When replacing the reel, also change the bearings and seals.


----------



## ctrav (Aug 18, 2018)

g-man said:


> The weld broke because it hit the irrigation box. All the reels are welded at the web. You can get by if you use a file on that corner.
> 
> When replacing the reel, also change the bearings and seals.


Thanks g-man...I will try the file and my angle grinder first👍🏾


----------



## DR_GREENTHUMB (May 24, 2018)

Ouch! That stinks, I would like to see what happened to that box, LOL.


----------



## ctrav (Aug 18, 2018)

DR_GREENTHUMB said:


> Ouch! That stinks, I would like to see what happened to that box, LOL.


Nothing 😳


----------



## FlowRider (Apr 7, 2019)

Do you know how to weld? You can fix it yourself if you do.

Agree that you should replace bearings and seals at same time.

It looks like a bad weld that broke on impact. Looks like whoever welded it did not grind to bare metal - they just welded over the old weld pooled metal - you can see it. Probably just did it to get it ready to sell, would be my opinion, FWIW....

I would either take that one off, regrind, reweld, rebalance, and reinstall, or buy a new reel and do that to keep as a backup.

Or you can take the old one and turn it into some cool old Texas yard art.

I think it would make a cool wind and weathervane stand, or maybe a spinning water feature on a pond on your back 40.

Just sayin'!  :lol:


----------



## fp_911 (Apr 10, 2017)

Last year when I broke a reel I used a set of vice grips to put the blade back together and then used a strong epoxy to "weld" it back together. It worked perfectly for several weeks until I was ready to replace the reel.

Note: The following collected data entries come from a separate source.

(* Let $h\in\mathbb{N}$, $h'\in[h+1]$, $\ell\in\mathbb{N}$ and let $G$ be a graph. Let $T=t_1\dots t_{(h+1)\ell+h'-1}$ be the $h$-th power of a path in $G$ (each vertex adjacent to the preceding $h$ vertices), and let $W$ be a set of vertices disjoint from $T$. Let $Q_1:=\{t_1,\dots,t_{h+1}\}$, $Q_i:=\{t_{(h+1)(i-2)+1},\dots,t_{(h+1)i}\}$ for $1<i\leq\ell$, and $Q_{\ell+1}:=\{t_{(h+1)\ell-h},\dots,t_{(h+1)\ell+h'-1}\}$. If there is a permutation $\sigma$ of $[\ell+1]$ such that for each $i\in[\ell+1]$ the vertices of $Q_{\sigma(i)}$ have at least $i$ common neighbours in $W$, then there are distinct $q_1,\dots,q_{\ell+1}\in W$ such that $(q_1t_1\dots t_{h+1})(q_2t_{h+2}\dots t_{2(h+1)})\dots(q_\ell t_{(h+1)\ell-h}\dots t_{(h+1)\ell})(q_{\ell+1}t_{(h+1)\ell+1}\dots t_{(h+1)\ell+h'-1})$ is (in this order) the $(h+1)$-th power of a path in $G$, using every vertex of $T$. If instead $T=t_1\dots t_{(h+1)\ell}$ is the $h$-th power of a cycle in $G$ and we set $Q_1:=\{t_{(h+1)\ell-h},\dots,t_{(h+1)\ell},t_1,\dots,t_{h+1}\}$, $Q_i:=\{t_{(h+1)(i-2)+1},\dots,t_{(h+1)i}\}$ for $1<i\leq\ell$, and there is a permutation $\sigma$ of $[\ell]$ such that for each $i\in[\ell]$ the vertices of $Q_{\sigma(i)}$ have at least $i$ common neighbours in $W$, then $G$ contains the $(h+1)$-th power of a cycle $C^{h+1}_{(h+2)\ell}$ (obtained by inserting distinct vertices $q_1,\dots,q_\ell\in W$ before each block $t_{(h+1)(i-1)+1}\dots t_{(h+1)i}$).
   Context: The $h$-th power of a path (cycle) $v_1\dots v_s$ is the graph on these vertices in which $v_i,v_j$ are adjacent whenever their distance along the path (cycle) is at most $h$. $C^{h+1}_{s}$ denotes the $(h+1)$-th power of a cycle on $s$ vertices. *)

From mathcomp Require Import all_boot all_fingroup.
Set Implicit Arguments. Unset Strict Implicit. Unset Printing Implicit Defensive.

Section Defs.
Variable V : finType.
Variable e : rel V.

Definition is_path_power (h : nat) (s : seq V) : Prop :=
  uniq s /\
  forall (x0 : V) (i j : nat), i < j -> j < size s -> j - i <= h ->
    e (nth x0 s i) (nth x0 s j).

Definition is_cycle_power (h : nat) (s : seq V) : Prop :=
  uniq s /\
  forall (x0 : V) (i j : nat), i < j -> j < size s ->
    (j - i <= h) || (size s - (j - i) <= h) ->
    e (nth x0 s i) (nth x0 s j).

(* the segment t_lo ... t_hi (1-indexed), truncated to existing indices *)
Definition seg (t : seq V) (lo hi : nat) : seq V := drop lo.-1 (take hi t).

Definition Qpath (h h' l : nat) (t : seq V) (i : nat) : seq V :=
  if i == l.+1 then seg t ((h + 1) * l - h) ((h + 1) * l + h' - 1)
  else if i == 1 then seg t 1 (h + 1)
  else seg t ((h + 1) * (i - 2) + 1) ((h + 1) * i).

Definition Qcycle (h l : nat) (t : seq V) (i : nat) : seq V :=
  if i == 1 then seg t ((h + 1) * l - h) ((h + 1) * l) ++ seg t 1 (h + 1)
  else seg t ((h + 1) * (i - 2) + 1) ((h + 1) * i).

That might work for you if you need the mower to work immediately.


----------



## ctrav (Aug 18, 2018)

I ground the edge and that looks fine. I could spin the real without it hitting the bar that runs in front of the reel. Now its making a loud clanking noise where it was smooth before. Not sure if this is the issue but...

This guard has a bolt on each side so maybe adjusting this will help? This is what I feel is vibrating and making the noise when the reel spins.


Here are the bolts...


Im totally guessing and sure its something easy. Something is misaligned...


----------



## ZachUA (Dec 28, 2018)

fp_911 said:


> Last year when I broke a reel I used a set of vice grips to put the blade back together and then used a strong epoxy to "weld" it back together. It worked perfectly for several weeks until I was ready to replace the reel.
> 
> That might work for you if you need the mower to work immediately.


This give me confidence. 

My reel is bent at corner similar to ctrav, and mine hits the bedknife stops reel. I thought about trying to bend it back but I may just grind it off enough so that it will clear. It's an 11 blade reel and I want a lower number blade anyway.


----------



## kur1j (Jul 2, 2017)

Been there done that. It sucks. I did the same exact thing. It failed in the same way too. I did exactly as @g-man said and replaced the reel bearings and all that jazz. It was about 300$ or so and 20+ hours of work. Mostly because I had no idea what i was doing. A lot of the guys here can help you if you get stuck. Lots of help here.


----------



## ctrav (Aug 18, 2018)

kur1j said:


> Been there done that. It sucks. I did the same exact thing. It failed in the same way too. I did exactly as @g-man said and replaced the reel bearings and all that jazz. It was about 300$ or so and 20+ hours of work. Mostly because I had no idea what i was doing. A lot of the guys here can help you if you get stuck. Lots of help here.


Totally agree there is and has been lots of help! I'm very appreciative to say the least.


----------



## jimbeckel (May 27, 2018)

ctrav said:


> kur1j said:
> 
> 
> > Been there done that. It sucks. I did the same exact thing. It failed in the same way too. I did exactly as @g-man said and replaced the reel bearings and all that jazz. It was about 300$ or so and 20+ hours of work. Mostly because I had no idea what i was doing. A lot of the guys here can help you if you get stuck. Lots of help here.
> ...


If you were closer I would weld it and straighten out the blade for you. If you go the new reel route and want to send me the broken one I will fix it and send it back to you.


----------



## ctrav (Aug 18, 2018)

jimbeckel said:


> ctrav said:
> 
> 
> > kur1j said:
> ...


So awesome buddy. Hope I can figure out how to get this thing off 😳 Do you think this is a DIY project I can do myself??


----------



## Ware (Jan 28, 2017)

Man I hate to see this @ctrav - I've been there!


----------



## ctrav (Aug 18, 2018)

Ware said:


> Man I hate to see this @ctrav - I've been there!


Thanks Ware... This will all work out one way or the other


----------